Joseph Stalin was responsible for the deaths of around 20 million men, women and children by massacres, torture, starvation and execution. Figures diverse as Lord Beaverbrook, Dean Acheson, Averell Harriman and George Marshall noticed his habit of doodling pictures of snarling wolves. Sixteen days before his death, he told an Indian ambassador, Shri Menon, “When a wolf shows his teeth, you know he is not laughing.” In his paranoia he saw wolves all around him and said, “Peasants know how to handle wolves. They exterminate them.”
It is hard to explain such figures apart from evil as a palpable Foe. There was no paranoia in our Lord’s counsel to his disciples: “I am sending you as sheep among wolves. So be wise as serpents and innocent as doves” (Matthew 10:16). In that menagerie of metaphors is the strategy of spiritual combat. Wisdom and innocence destroy foolishness and naïveté.
Our Lord is far from foolish and naïve when he orders us to turn the other cheek, to give the tunic as well as the cloak, and to walk twice the distance that is required by the Foe. Humility is more powerful than aggression or pacificism, and “heaps coals” (Romans 12:20) on the Foe's demonic pride. This is hard to do, given the human instinct to revenge, but the Council of Trent assured that the commandments of God are not impossible to observe. His ultimate strategy in spiritual combat is: “Be holy, because I am holy” (1 Peter 1:16).

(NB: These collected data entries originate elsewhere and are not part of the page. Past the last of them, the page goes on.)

Lemma extremal_components_separated : separated E C1 C2.
Proof.
case/andP: (ndE) => /forallP ne0 /forallP ntot.
apply/separatedP; split=> u w uC1 wC2.
  have ntot' : nbhd2 (tcompl E) u0 != setT by rewrite nbhd2_tcompl setC_eqT ne0.
  have wC2' : w \in component (incomp (nbhd1 (tcompl E))) w0 by rewrite component1_tcompl.
  have := min_component_nbhd1_sub u0_max' ntot' w0_min' wC2'.
  rewrite component2_tcompl nbhd1_tcompl => /subsetP/(_ u)/contraNN/(_ uC1).
  by rewrite inE negbK in_nbhd2.
apply: contra wC2; rewrite -in_nbhd1; apply/subsetP.
exact (min_component_nbhd1_sub w0_max (ntot w0) u0_min uC1).
Qed.

Lemma extremal_components_tangle_on : tangle_on E C1 C2.
Proof.
apply/and4P; split; try exact/connected_on_component/connect_incomp_sym.
  rewrite -component2_tcompl; apply: card_max_component u0_max' _.
  by rewrite nondegenerate_tcompl.
exact: card_max_component w0_max ndE.
Qed.

End ExtremalComponents.

Lemma nondegenerate_tangle_block (T1 T2 : finType) (E : {set T1 * T2}) :
  (0 < #|T1|) || (0 < #|T2|) -> nondegenerate E -> exists A B, tangle_block E A B.
Proof.
move=> inhabited ndE.
have [u1 [w1 _]] : exists (u1 : T1) (w1 : T2), True.
  case/andP: ndE => /forallP ne0 /forallP ntot.
  case/orP: inhabited => /card_gt0P[x _].
    by have /set0Pn[w _] := ne0 x; exists x, w.
  by move: (ntot x); rewrite eqEsubset subsetT => /subsetPn[u _ _]; exists u, x.
have [u0 _ u0_min] := arg_minnP (fun u => #|nbhd1 E u|) (isT : predT u1).
have [w0 _ w0_max] := arg_maxnP (fun w => #|nbhd2 E w|) (isT : predT w1).
have {}u0_min u : #|nbhd1 E u0| <= #|nbhd1 E u| by apply: u0_min.
have {}w0_max w : #|nbhd2 E w| <= #|nbhd2 E w0| by apply: w0_max.
exists (component (incomp (nbhd1 E)) u0), (component (incomp (nbhd2 E)) w0).
by rewrite /tangle_block (extremal_components_separated ndE u0_min w0_max)
  (extremal_components_tangle_on ndE u0_min w0_max).
Qed.
Lemma hub_exists (n : nat) (adj : nat -> nat -> Prop) (v d k : nat) :
  simple_graph n adj -> within_dist n adj v d -> (1 <= d)%nat -> (1 <= k)%nat ->
  (k ^ d < n)%nat -> exists w, ball adj v (d - 1) w /\ (k <= degree n adj w)%nat.
Proof.
  intros SG Hwithin Hd Hk Hn. apply NNPP; intro Hnohub.
  assert (Hdeg : forall x, ball adj v (d - 1) x -> (degree n adj x < k)%nat).
  { intros x Hx. apply Nat.nle_gt. intro; apply Hnohub; eauto. }
  assert (Hsize : forall j, (j <= d)%nat -> (ball_size n adj v j <= k ^ j)%nat).
  { induction j as [|j IH]; intros Hj; [apply ball_size_0|].
    pose proof (ball_growth n adj v j k SG Hk
                  (fun x Hx => Hdeg x (ball_mono adj v j (d - 1) x ltac:(lia) Hx))).
    specialize (IH ltac:(lia)). simpl. nia. }
  assert (Hfull : (n <= ball_size n adj v d)%nat).
  { rewrite <- (nsum_const_1 n) at 1. apply nsum_le; intros y Hy.
    rewrite ind_1 by exact (Hwithin y Hy). lia. }
  specialize (Hsize d (le_n d)). lia.
Qed.

Fixpoint prodR (m : nat) (f : nat -> R) : R :=
  match m with O => 1 | S m' => prodR m' f * f m' end.

Lemma prodR_ext (m : nat) (f g : nat -> R) :
  (forall u, (u < m)%nat -> f u = g u) -> prodR m f = prodR m g.
Proof.
  induction m as [|m IH]; simpl; intros Hfg; auto.
  rewrite IH, Hfg by (try intros; try apply Hfg; lia). reflexivity.
Qed.

Lemma prodR_mul (m : nat) (f g : nat -> R) : prodR m f * prodR m g = prodR m (fun u => f u * g u).
Proof. induction m as [|m IH]; simpl; [ring|]. rewrite <- IH; ring. Qed.

Lemma prodR_le (m : nat) (f g : nat -> R) :
  (forall u, (u < m)%nat -> 0 <= f u <= g u) -> 0 <= prodR m f <= prodR m g.
Proof.
  induction m as [|m IH]; simpl; intros Hfg; [lra|].
  destruct (IH (fun u Hu => Hfg u ltac:(lia))) as [H0 H1].
  destruct (Hfg m ltac:(lia)). split; [nra | apply Rmult_le_compat; lra].
Qed.

Lemma pow_nsum (z : R) (e : nat -> nat) (m : nat) : z ^ nsum e m = prodR m (fun u => z ^ e u).
Proof. induction m as [|m IH]; simpl; auto. now rewrite pow_add, IH. Qed.

Lemma geom_weight_prodR (p : R) (m : nat) (c : nat -> nat) :
  geom_weight p m c = prodR m (fun u => p * (1 - p) ^ c u).
Proof. induction m as [|m IH]; simpl; congruence. Qed.

Lemma sum_configs_ext (m N : nat) : forall f g : (nat -> nat) -> R,
  (forall c, f c = g c) -> sum_configs m N f = sum_configs m N g.
Proof. induction m as [|m IH]; intros f g H; simpl; auto. apply sum_eq; intros; apply IH; auto. Qed.

Lemma sum_configs_le (m N : nat) : forall f g : (nat -> nat) -> R,
  (forall c, f c <= g c) -> sum_configs m N f <= sum_configs m N g.
Proof. induction m as [|m IH]; intros f g H; simpl; auto. apply sum_Rle; intros; apply IH; auto. Qed.

Lemma sum_configs_scal (m N : nat) : forall (f : (nat -> nat) -> R) (a : R),
  sum_configs m N (fun c => f c * a) = sum_configs m N f * a.
Proof.
  induction m as [|m IH]; intros f a; simpl; auto.
  rewrite Rmult_comm, scal_sum. apply sum_eq; intros. apply IH.
Qed.

Lemma sum_configs_prodR (m N : nat) (F : nat -> nat -> R) :
  sum_configs m N (fun c => prodR m (fun u => F u (c u))) = prodR m (fun u => sum_f_R0 (F u) N).
Proof.
  induction m as [|m IH]; simpl; auto.
  rewrite scal_sum, <- IH. apply sum_eq; intros j _.
  rewrite (Rmult_comm (F m j)), <- sum_configs_scal.
  apply sum_configs_ext; intros c.
  rewrite (prodR_ext m _ (fun u => F u (c u))) by (intros; rewrite upd_neq; auto; lia).
  now rewrite upd_eq.
Qed.

(** * The generating function of half a geometric variable *)

(** Upper bound for [E z^(floor(X/2))] when [X] is geometric with
    [P(X = j) = (1-r) r^j]. *)
Definition half_geom_mgf (r z : R) : R := (1 - r ^ 2) / (1 - r ^ 2 * z).

Lemma sum_f_R0_mono (h : nat -> R) (N K : nat) :
  (forall j, 0 <= h j) -> sum_f_R0 h N <= sum_f_R0 h (N + K).
Proof.
  intros Hh; induction K as [|K IH]; [rewrite Nat.add_0_r; lra|].
  replace (N + S K)%nat with (S (N + K)) by lia. simpl. specialize (Hh (S (N + K))). lra.
Qed.

Lemma half_geom_sum_le (r z : R) (N : nat) : 0 < r < 1 -> 0 <= z <= 1 ->
  sum_f_R0 (fun j => (1 - r) * r ^ j * z ^ Nat.div2 j) N <= half_geom_mgf r z.
Proof.
  intros Hr Hz. set (h := fun j => (1 - r) * r ^ j * z ^ Nat.div2 j).
  set (w := r ^ 2 * z). set (A := half_geom_mgf r z).
  assert (Hr2 : 0 < r ^ 2 < 1) by (simpl; nra).
  assert (Hw : 0 <= w < 1) by (unfold w; split; nra).
  assert (HA : A * (1 - w) = 1 - r ^ 2) by (unfold A, half_geom_mgf; fold w; field; lra).
  assert (Hh : forall j, 0 <= h j)
    by (intro j; unfold h; repeat apply Rmult_le_pos; try apply pow_le; lra).
  (* the partial sums over complete pairs [2i, 2i+1] are explicit *)
  assert (Hpairs : forall i, sum_f_R0 h (2 * i + 1) = A - A * w ^ S i).
  { induction i as [|i IH].
    - unfold h; simpl. replace (A - A * (w * 1)) with (A * (1 - w)) by ring. rewrite HA. ring.
    - replace (2 * S i + 1)%nat with (S (S (2 * i + 1))) by lia.
      change (sum_f_R0 h (S (S (2 * i + 1))))
        with (sum_f_R0 h (2 * i + 1) + h (S (2 * i + 1)) + h (S (S (2 * i + 1)))).
      assert (Heven : h (S (2 * i + 1)) = (1 - r) * w ^ S i).
      { unfold h, w. replace (S (2 * i + 1)) with (2 * S i)%nat by lia.
        rewrite Nat.div2_double, pow_mult, Rpow_mult_distr. ring. }
      assert (Hodd : h (S (S (2 * i + 1))) = (1 - r) * r * w ^ S i).
      { unfold h, w. replace (S (S (2 * i + 1))) with (S (2 * S i)) by lia.
        rewrite Nat.div2_succ_double, Rpow_mult_distr, <- tech_pow_Rmult, pow_mult. ring. }
      rewrite IH, Heven, Hodd.
      replace (A - A * w ^ S i + (1 - r) * w ^ S i + (1 - r) * r * w ^ S i)
        with (A - A * w ^ S i + (1 - r ^ 2) * w ^ S i) by ring.
      rewrite <- HA. simpl. ring. }
  apply Rle_trans with (sum_f_R0 h (2 * N + 1)).
  - replace (2 * N + 1)%nat with (N + (N + 1))%nat by lia. apply sum_f_R0_mono; auto.
  - rewrite Hpairs.
    assert (0 <= A) by (rewrite <- (Rmult_1_r A); nra).
    assert (0 <= w ^ S N) by (apply pow_le; lra). nra.
Qed.
(* For every 3-periodic $T$ of $E$ at which they are defined, the centers $X_{88}$ (trilinears $h=\dfrac{1}{s_2+s_3-2s_1}$) and $X_{100}$ (trilinears $h=\dfrac{1}{s_2-s_3}$) lie on $E$, and the closure of the locus of each of them is all of $E$.
   Context: Fix real numbers $a>b>0$ and let $E$ be the ellipse $x^2/a^2+y^2/b^2=1$. A 3-periodic is a non-degenerate triangle $P_1P_2P_3$ with all vertices on $E$ such that at each vertex $P_j$ the normal line to $E$ at $P_j$ bisects the interior angle of the triangle at $P_j$. For a triangle let $s_1=|P_2P_3|$, $s_2=|P_3P_1|$, $s_3=|P_1P_2|$. Given a function $h(s_1,s_2,s_3)$, the center $X_h$ is the point with trilinears $p:q:r=h(s_1,s_2,s_3):h(s_2,s_3,s_1):h(s_3,s_1,s_2)$, i.e. the Cartesian point $\dfrac{p s_1P_1+q s_2P_2+r s_3P_3}{p s_1+q s_2+r s_3}$, defined when all of $p,q,r$ are defined and the denominator is nonzero. The locus of $X_h$ is the set of points $X_h(T)$ over all 3-periodics $T$ for which it is defined. *)

From Stdlib Require Import Reals.
Open Scope R_scope.

Definition pt := (R * R)%type.

Definition dist (P Q : pt) : R :=
  sqrt ((fst P - fst Q) ^ 2 + (snd P - snd Q) ^ 2).

Definition cross (u v : pt) : R := fst u * snd v - snd u * fst v.
Definition vsub (P Q : pt) : pt := (fst P - fst Q, snd P - snd Q).

Definition on_ellipse (a b : R) (P : pt) : Prop :=
  (fst P) ^ 2 / a ^ 2 + (snd P) ^ 2 / b ^ 2 = 1.

Definition ellipse_normal (a b : R) (P : pt) : pt :=
  (fst P / a ^ 2, snd P / b ^ 2).

Definition bisector_dir (P Q S : pt) : pt :=
  let u := vsub Q P in let v := vsub S P in
  let du := dist Q P in let dv := dist S P in
  (fst u / du + fst v / dv, snd u / du + snd v / dv).

Definition normal_bisects (a b : R) (P Q S : pt) : Prop :=
  cross (ellipse_normal a b P) (bisector_dir P Q S) = 0.

Definition nondegenerate (P1 P2 P3 : pt) : Prop :=
  cross (vsub P2 P1) (vsub P3 P1) <> 0.
Variables (c : nat -> C) (m : nat -> nat).
Hypothesis c_summable : gap_summable_on_disc c m.

Lemma gap_summable_sqr_weight (rho : R) : 0 <= rho < 1 ->
  ex_series (fun k => Cmod (c k) * INR (m k) ^ 2 * rho ^ m k).
Proof.
  intro Hrho.
  set (sigma := (1 + rho) / 2).
  assert (Hsigma : 0 < sigma < 1) by (unfold sigma; lra).
  destruct (sqr_mul_pow_bounded (rho / sigma)) as [K HK].
  { split; [apply Rdiv_le_0_compat; lra|].
    apply Rmult_lt_reg_r with sigma; [lra|].
    unfold Rdiv; rewrite Rmult_assoc, Rinv_l, Rmult_1_r, Rmult_1_l by lra.
    unfold sigma; lra. }
  apply (ex_series_le (K := R_AbsRing) (V := R_CompleteNormedModule) _
           (fun k => K * (Cmod (c k) * sigma ^ m k))).
  - intro k.
    change (norm ?x) with (Rabs x).
    assert (Hw : INR (m k) ^ 2 * rho ^ m k <= K * sigma ^ m k).
    { replace (rho ^ m k) with ((rho / sigma) ^ m k * sigma ^ m k)
        by (rewrite <- Rpow_mult_distr; f_equal; field; lra).
      rewrite <- Rmult_assoc.
      apply Rmult_le_compat_r; [apply pow_le; lra | apply HK]. }
    rewrite Rabs_pos_eq.
    + pose proof (Cmod_ge_0 (c k)).
      replace (Cmod (c k) * INR (m k) ^ 2 * rho ^ m k)
        with (Cmod (c k) * (INR (m k) ^ 2 * rho ^ m k)) by ring.
      replace (K * (Cmod (c k) * sigma ^ m k)) with (Cmod (c k) * (K * sigma ^ m k)) by ring.
      now apply Rmult_le_compat_l.
    + apply Rmult_le_pos; [apply Rmult_le_pos; [apply Cmod_ge_0 | apply pow2_ge_0]|].
      apply pow_le; lra.
  - apply (ex_series_scal_l (K := R_AbsRing) (V := R_NormedModule)).
    apply c_summable; lra.
Qed.

Lemma gap_summable_deriv : gap_summable_on_disc (fun k => c k * INR (m k))%C (fun k => pred (m k)).
Proof.
  intros rho Hrho.
  set (sigma := Rmax (1 / 2) rho).
  assert (Hsigma : 1 / 2 <= sigma < 1) by (split; [apply Rmax_l | apply Rmax_lub_lt; lra]).
  apply (ex_series_le (K := R_AbsRing) (V := R_CompleteNormedModule) _
           (fun k => 2 * (Cmod (c k) * INR (m k) ^ 2 * sigma ^ m k))).
  - intro k.
    change (norm ?x) with (Rabs x).
    rewrite Cmod_mult, Cmod_R, (Rabs_pos_eq (INR (m k))) by apply pos_INR.
    assert (Hpow : rho ^ pred (m k) <= sigma ^ pred (m k))
      by (apply pow_incr; split; [lra | apply Rmax_r]).
    pose proof (mul_pow_pred_le sigma (m k) (proj1 Hsigma)) as Hmp.
    pose proof (pos_INR (m k)); pose proof (Cmod_ge_0 (c k)).
    assert (0 <= rho ^ pred (m k)) by (apply pow_le; lra).
    rewrite Rabs_pos_eq by (apply Rmult_le_pos; [apply Rmult_le_pos|]; assumption).
    assert (INR (m k) * rho ^ pred (m k) <= 2 * (INR (m k) ^ 2 * sigma ^ m k)).
    { eapply Rle_trans; [|exact Hmp]. now apply Rmult_le_compat_l. }
    replace (2 * (Cmod (c k) * INR (m k) ^ 2 * sigma ^ m k))
      with (Cmod (c k) * (2 * (INR (m k) ^ 2 * sigma ^ m k))) by ring.
    rewrite Rmult_assoc; now apply Rmult_le_compat_l.
  - apply (ex_series_scal_l (K := R_AbsRing) (V := R_NormedModule)).
    apply gap_summable_sqr_weight; lra.
Qed.

Lemma gap_series_remainder_le (y z : C) (rho S : R) :
  1 / 2 <= rho < 1 -> Cmod y <= rho -> Cmod z <= rho ->
  is_series (fun k => Cmod (c k) * INR (m k) ^ 2 * rho ^ m k) S ->
  Cmod (gap_series c m y - gap_series c m z - (y - z) * gap_series_deriv c m z)
    <= 4 * S * Cmod (y - z) ^ 2.
Proof.
  intros Hrho Hy Hz HS.
  assert (Hsum : is_series
                   (fun k => c k * pow_n y (m k) - c k * pow_n z (m k)
                             - (y - z) * (c k * INR (m k) * pow_n z (pred (m k))))%C
                   (gap_series c m y - gap_series c m z - (y - z) * gap_series_deriv c m z)%C).
  { apply (is_series_minus (K := C_AbsRing) (V := C_NormedModule)).
    - apply (is_series_minus (K := C_AbsRing) (V := C_NormedModule));
        apply is_series_gap_series; auto; lra.
    - apply (is_series_scal_l (K := C_AbsRing) (V := C_NormedModule)).
      apply is_series_gap_series; [apply gap_summable_deriv | lra]. }
  replace (4 * S * Cmod (y - z) ^ 2) with (4 * Cmod (y - z) ^ 2 * S) by ring.
  apply (is_series_Cmod_le _ _ _ _ Hsum
           (is_series_scal_l (K := R_AbsRing) (V := R_NormedModule) (4 * Cmod (y - z) ^ 2) _ _ HS)).
  intro k.
  replace (c k * pow_n y (m k) - c k * pow_n z (m k)
           - (y - z) * (c k * INR (m k) * pow_n z (pred (m k))))%C
    with (c k * (pow_n y (m k) - pow_n z (m k) - INR (m k) * pow_n z (pred (m k)) * (y - z)))%C
    by ring.
  rewrite Cmod_mult.
  change (scal ?a ?b) with (a * b).
  replace (4 * Cmod (y - z) ^ 2 * (Cmod (c k) * INR (m k) ^ 2 * rho ^ m k))
    with (Cmod (c k) * (4 * (INR (m k) ^ 2 * rho ^ m k * Cmod (y - z) ^ 2))) by ring.
  apply Rmult_le_compat_l; [apply Cmod_ge_0|].
  apply Rmult_le_reg_l with (rho ^ 2); [nra|].
  eapply Rle_trans; [exact (pow_n_sub_linear_bound y z rho (m k) Hy Hz)|].
  assert (0 <= INR (m k) ^ 2 * rho ^ m k * Cmod (y - z) ^ 2)
    by (apply Rmult_le_pos; [apply Rmult_le_pos|]; try apply pow2_ge_0; apply pow_le; lra).
  assert (0 <= (4 * rho ^ 2 - 1) * (INR (m k) ^ 2 * rho ^ m k * Cmod (y - z) ^ 2))
    by (apply Rmult_le_pos; nra).
  nra.
Qed.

In 1983, the U.S. Bishops’ Conference issued a pastoral letter, The Challenge of Peace, which in retrospect was called unwise and naïve by Archbishop Philip Hannan of New Orleans. In World War II he had served in the 505th Parachute Regiment of the 82nd Airborne Division in the Ardennes Offensive and helped liberate a concentration camp. For a short while during the Allied occupation of Germany, he was priest-in-charge of the Cologne cathedral. The dust cover of my book, Principalities and Powers, shows armed soldiers at Mass in those bombed out ruins, and Chaplain Hannan may very well have been the priest at the altar. His last words at the age of 98, receiving Absolution on his death bed, were, “Sounds good to me.” Once when a mugger tried to rob him in Rome, the elderly archbishop struck him down and said later that he did not have time to turn the other cheek. But as a good shepherd who protected his flock from wolves, he knew that he had engaged and outwitted a Foe even fiercer than the wicked of this world.
Lent is a campaign against the aboriginal Evil One who seeks the ruin of souls. Even soldiers in a victorious army can be killed. Christ has defeated the Foe, and he protects us with “the shield of faith with which you can extinguish all the flaming arrows of the evil one” (Ephesians 6:16).